● **Problem requirements**
Output, word for word, the lines of this listing that fall between the line with "(0, 1) n hn)))" and the line with "Definition smul (c", counting both of those lines, and no others.
(Data for the task)
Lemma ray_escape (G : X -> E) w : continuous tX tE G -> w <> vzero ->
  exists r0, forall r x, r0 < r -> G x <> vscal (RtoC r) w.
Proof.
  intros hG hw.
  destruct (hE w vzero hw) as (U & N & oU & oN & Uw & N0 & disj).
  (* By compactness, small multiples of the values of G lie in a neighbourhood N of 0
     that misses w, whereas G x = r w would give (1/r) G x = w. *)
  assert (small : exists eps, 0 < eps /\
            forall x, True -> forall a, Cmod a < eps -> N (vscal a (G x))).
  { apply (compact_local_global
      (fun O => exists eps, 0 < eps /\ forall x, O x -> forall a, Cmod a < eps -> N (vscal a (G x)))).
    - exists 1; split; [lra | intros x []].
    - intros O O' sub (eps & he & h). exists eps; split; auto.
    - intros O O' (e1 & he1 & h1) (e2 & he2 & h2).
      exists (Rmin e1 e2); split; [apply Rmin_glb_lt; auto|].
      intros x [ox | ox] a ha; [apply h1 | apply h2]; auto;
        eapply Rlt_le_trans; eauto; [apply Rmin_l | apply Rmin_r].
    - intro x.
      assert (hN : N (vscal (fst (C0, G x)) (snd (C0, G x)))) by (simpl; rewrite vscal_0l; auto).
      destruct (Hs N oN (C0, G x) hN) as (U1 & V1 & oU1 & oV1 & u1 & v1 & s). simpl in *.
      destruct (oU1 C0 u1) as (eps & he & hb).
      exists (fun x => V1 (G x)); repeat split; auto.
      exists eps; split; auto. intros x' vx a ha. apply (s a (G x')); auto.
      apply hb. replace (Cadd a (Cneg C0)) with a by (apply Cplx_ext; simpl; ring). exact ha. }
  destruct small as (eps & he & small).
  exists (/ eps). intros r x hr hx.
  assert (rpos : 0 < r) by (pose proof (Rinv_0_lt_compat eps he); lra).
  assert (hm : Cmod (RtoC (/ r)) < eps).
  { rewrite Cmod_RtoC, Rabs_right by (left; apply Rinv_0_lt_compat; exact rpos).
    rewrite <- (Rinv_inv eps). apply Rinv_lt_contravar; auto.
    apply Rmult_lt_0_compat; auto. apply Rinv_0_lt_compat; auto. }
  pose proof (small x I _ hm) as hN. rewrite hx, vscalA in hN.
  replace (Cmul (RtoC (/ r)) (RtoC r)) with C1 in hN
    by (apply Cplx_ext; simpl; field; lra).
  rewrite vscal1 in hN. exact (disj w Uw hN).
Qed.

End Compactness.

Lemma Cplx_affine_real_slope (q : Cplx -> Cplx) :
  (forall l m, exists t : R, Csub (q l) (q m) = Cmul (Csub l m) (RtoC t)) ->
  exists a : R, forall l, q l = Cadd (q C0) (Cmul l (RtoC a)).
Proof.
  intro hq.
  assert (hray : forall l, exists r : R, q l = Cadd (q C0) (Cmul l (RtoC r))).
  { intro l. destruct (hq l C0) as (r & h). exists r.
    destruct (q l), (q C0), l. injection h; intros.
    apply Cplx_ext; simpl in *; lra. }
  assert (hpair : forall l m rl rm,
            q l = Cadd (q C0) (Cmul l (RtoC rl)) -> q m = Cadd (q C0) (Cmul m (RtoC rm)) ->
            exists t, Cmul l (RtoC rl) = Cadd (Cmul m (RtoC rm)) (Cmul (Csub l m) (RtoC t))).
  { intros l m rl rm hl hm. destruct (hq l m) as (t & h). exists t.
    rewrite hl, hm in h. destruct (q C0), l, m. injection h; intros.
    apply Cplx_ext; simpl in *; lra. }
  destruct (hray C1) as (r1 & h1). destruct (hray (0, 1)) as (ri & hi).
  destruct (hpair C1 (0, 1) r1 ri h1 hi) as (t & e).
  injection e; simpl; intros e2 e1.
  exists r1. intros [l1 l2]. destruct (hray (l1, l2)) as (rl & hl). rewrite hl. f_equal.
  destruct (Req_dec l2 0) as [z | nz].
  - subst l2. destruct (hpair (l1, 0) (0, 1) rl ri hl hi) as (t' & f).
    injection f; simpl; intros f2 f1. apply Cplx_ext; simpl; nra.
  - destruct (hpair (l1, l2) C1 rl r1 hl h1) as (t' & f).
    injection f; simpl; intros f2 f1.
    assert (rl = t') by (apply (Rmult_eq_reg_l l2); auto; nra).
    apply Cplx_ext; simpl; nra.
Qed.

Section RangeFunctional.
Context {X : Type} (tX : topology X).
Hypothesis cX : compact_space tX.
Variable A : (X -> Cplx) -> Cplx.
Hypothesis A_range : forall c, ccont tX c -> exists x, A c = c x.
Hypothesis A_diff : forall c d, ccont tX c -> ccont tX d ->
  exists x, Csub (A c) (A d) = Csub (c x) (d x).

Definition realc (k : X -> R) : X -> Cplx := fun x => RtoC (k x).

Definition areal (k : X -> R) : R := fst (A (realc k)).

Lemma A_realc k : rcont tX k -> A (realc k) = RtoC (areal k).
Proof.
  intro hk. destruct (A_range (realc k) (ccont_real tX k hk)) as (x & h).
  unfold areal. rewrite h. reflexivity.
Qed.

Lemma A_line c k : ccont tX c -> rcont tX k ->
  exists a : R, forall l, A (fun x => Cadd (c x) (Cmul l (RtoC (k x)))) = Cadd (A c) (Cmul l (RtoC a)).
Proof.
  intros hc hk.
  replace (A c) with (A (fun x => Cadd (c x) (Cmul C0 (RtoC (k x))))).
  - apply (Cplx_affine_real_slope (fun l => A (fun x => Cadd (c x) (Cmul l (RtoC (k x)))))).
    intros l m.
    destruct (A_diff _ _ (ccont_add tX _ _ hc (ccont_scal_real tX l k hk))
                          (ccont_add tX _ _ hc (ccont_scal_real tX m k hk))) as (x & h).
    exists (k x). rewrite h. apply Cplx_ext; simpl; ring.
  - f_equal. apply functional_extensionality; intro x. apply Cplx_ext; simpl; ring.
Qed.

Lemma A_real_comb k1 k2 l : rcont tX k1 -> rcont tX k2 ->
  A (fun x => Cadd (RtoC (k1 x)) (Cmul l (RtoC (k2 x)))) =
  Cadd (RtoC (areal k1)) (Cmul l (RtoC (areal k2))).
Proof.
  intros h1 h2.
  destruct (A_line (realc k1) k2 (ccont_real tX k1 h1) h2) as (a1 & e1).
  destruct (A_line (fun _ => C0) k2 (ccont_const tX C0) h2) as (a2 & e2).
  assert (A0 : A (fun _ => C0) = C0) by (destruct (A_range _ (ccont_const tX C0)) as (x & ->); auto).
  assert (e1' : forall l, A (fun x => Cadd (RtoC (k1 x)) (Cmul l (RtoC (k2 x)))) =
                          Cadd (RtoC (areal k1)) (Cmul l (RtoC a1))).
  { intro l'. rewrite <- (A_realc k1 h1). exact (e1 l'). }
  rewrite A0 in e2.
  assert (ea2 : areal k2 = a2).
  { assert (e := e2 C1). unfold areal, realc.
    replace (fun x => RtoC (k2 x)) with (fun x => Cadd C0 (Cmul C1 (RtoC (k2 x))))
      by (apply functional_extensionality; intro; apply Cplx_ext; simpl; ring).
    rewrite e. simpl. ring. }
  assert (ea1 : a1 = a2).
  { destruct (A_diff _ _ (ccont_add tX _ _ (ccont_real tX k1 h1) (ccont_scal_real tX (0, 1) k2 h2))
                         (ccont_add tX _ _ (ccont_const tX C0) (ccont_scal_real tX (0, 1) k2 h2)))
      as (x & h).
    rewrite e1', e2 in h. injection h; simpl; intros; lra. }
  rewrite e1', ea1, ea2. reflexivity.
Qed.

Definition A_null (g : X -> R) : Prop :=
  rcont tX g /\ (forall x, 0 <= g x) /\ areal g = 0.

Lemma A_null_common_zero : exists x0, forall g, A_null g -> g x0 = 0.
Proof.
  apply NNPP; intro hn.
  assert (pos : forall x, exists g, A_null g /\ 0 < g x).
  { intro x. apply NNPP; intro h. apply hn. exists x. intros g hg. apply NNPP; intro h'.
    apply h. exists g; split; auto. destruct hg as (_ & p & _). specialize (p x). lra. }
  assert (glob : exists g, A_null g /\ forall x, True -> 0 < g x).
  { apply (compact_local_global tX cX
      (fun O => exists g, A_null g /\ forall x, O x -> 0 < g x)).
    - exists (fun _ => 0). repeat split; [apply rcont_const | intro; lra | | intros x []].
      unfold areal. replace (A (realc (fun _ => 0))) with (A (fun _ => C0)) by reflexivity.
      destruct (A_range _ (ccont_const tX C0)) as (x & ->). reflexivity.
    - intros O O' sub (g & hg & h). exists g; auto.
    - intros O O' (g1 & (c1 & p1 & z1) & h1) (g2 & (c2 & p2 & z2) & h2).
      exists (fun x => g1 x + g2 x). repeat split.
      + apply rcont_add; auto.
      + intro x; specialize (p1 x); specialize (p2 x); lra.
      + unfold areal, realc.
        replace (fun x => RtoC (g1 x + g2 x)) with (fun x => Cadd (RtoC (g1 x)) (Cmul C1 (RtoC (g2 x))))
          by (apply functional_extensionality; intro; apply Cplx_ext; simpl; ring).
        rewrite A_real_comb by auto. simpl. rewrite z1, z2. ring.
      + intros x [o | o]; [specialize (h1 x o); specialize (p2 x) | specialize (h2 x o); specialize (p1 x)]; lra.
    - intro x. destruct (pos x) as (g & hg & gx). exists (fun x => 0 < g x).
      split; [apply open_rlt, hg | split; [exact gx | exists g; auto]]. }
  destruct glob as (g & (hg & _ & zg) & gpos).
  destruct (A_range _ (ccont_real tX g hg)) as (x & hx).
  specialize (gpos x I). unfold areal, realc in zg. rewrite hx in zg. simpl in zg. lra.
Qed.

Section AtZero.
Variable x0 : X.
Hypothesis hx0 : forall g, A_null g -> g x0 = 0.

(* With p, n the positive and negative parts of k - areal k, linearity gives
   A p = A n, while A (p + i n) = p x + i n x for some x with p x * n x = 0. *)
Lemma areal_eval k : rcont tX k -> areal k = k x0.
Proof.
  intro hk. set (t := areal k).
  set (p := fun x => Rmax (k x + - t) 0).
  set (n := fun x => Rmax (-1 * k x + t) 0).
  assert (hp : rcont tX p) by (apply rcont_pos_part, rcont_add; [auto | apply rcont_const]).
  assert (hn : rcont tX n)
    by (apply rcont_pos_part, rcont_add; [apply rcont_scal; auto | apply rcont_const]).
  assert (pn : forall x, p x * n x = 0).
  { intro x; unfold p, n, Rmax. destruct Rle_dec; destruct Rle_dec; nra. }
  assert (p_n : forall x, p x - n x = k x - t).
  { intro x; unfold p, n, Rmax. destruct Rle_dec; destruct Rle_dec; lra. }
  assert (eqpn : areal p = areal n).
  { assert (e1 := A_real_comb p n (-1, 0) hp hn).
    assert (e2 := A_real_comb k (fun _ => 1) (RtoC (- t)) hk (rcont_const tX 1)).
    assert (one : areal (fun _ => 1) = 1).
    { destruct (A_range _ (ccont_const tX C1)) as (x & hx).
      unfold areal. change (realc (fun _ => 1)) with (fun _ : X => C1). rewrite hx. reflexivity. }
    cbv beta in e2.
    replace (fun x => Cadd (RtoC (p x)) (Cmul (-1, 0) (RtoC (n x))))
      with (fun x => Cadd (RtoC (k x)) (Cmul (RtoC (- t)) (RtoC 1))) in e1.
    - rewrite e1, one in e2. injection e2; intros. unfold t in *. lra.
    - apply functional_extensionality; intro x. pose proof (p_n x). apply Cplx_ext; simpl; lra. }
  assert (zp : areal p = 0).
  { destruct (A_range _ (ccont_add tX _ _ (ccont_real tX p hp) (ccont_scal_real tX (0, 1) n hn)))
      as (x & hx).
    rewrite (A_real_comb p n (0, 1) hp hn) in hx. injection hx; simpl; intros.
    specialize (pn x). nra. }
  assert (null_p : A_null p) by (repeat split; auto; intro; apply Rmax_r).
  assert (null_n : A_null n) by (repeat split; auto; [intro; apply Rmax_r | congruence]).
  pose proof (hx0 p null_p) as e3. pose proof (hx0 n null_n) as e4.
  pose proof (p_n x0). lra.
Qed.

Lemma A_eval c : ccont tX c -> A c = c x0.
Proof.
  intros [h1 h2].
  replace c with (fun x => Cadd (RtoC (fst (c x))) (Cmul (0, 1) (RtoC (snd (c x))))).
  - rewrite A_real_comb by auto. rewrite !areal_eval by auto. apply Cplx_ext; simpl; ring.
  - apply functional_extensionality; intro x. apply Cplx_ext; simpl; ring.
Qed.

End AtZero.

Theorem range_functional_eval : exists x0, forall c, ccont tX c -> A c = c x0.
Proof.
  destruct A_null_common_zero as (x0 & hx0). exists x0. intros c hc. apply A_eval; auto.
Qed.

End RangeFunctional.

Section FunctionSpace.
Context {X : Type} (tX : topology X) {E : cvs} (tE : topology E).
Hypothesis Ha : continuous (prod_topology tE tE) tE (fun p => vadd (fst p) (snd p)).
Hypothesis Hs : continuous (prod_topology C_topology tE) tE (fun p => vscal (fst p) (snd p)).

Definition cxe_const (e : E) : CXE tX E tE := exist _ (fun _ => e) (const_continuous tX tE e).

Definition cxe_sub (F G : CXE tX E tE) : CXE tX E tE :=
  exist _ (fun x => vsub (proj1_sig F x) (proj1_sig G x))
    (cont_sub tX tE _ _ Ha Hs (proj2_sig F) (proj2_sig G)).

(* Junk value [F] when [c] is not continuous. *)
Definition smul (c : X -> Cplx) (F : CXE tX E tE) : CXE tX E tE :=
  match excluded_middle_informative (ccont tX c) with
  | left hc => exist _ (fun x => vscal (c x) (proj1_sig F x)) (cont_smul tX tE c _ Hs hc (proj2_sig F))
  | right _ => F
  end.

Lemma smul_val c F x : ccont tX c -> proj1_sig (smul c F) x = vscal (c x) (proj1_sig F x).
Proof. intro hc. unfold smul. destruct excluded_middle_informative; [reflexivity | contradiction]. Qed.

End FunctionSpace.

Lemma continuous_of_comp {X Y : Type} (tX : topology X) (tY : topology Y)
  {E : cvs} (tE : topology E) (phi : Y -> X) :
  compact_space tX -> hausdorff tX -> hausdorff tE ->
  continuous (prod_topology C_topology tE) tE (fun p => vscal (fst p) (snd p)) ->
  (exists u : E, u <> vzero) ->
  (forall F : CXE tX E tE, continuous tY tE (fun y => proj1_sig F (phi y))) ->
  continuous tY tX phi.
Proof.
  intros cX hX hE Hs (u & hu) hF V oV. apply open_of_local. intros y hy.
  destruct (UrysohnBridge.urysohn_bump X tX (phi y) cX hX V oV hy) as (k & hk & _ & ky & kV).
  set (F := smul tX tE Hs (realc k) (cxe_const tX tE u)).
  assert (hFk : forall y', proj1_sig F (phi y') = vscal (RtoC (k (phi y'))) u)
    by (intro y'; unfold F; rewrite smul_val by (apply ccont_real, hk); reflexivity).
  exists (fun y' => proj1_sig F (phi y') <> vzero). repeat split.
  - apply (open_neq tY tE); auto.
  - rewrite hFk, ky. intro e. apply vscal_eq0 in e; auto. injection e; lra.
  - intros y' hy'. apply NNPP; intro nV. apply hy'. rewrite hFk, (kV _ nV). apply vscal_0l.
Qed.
(End Data for the task)
● **Answer to this problem**
  { destruct (A_range _ (ccont_add tX _ _ (ccont_real tX p hp) (ccont_scal_real tX (0, 1) n hn)))
      as (x & hx).
    rewrite (A_real_comb p n (0, 1) hp hn) in hx. injection hx; simpl; intros.
    specialize (pn x). nra. }
  assert (null_p : A_null p) by (repeat split; auto; intro; apply Rmax_r).
  assert (null_n : A_null n) by (repeat split; auto; [intro; apply Rmax_r | congruence]).
  pose proof (hx0 p null_p) as e3. pose proof (hx0 n null_n) as e4.
  pose proof (p_n x0). lra.
Qed.

Lemma A_eval c : ccont tX c -> A c = c x0.
Proof.
  intros [h1 h2].
  replace c with (fun x => Cadd (RtoC (fst (c x))) (Cmul (0, 1) (RtoC (snd (c x))))).
  - rewrite A_real_comb by auto. rewrite !areal_eval by auto. apply Cplx_ext; simpl; ring.
  - apply functional_extensionality; intro x. apply Cplx_ext; simpl; ring.
Qed.

End AtZero.

Theorem range_functional_eval : exists x0, forall c, ccont tX c -> A c = c x0.
Proof.
  destruct A_null_common_zero as (x0 & hx0). exists x0. intros c hc. apply A_eval; auto.
Qed.

End RangeFunctional.

Section FunctionSpace.
Context {X : Type} (tX : topology X) {E : cvs} (tE : topology E).
Hypothesis Ha : continuous (prod_topology tE tE) tE (fun p => vadd (fst p) (snd p)).
Hypothesis Hs : continuous (prod_topology C_topology tE) tE (fun p => vscal (fst p) (snd p)).

Definition cxe_const (e : E) : CXE tX E tE := exist _ (fun _ => e) (const_continuous tX tE e).

Definition cxe_sub (F G : CXE tX E tE) : CXE tX E tE :=
  exist _ (fun x => vsub (proj1_sig F x) (proj1_sig G x))
    (cont_sub tX tE _ _ Ha Hs (proj2_sig F) (proj2_sig G)).

(* Junk value [F] when [c] is not continuous. *)
Definition smul (c : X -> Cplx) (F : CXE tX E tE) : CXE tX E tE :=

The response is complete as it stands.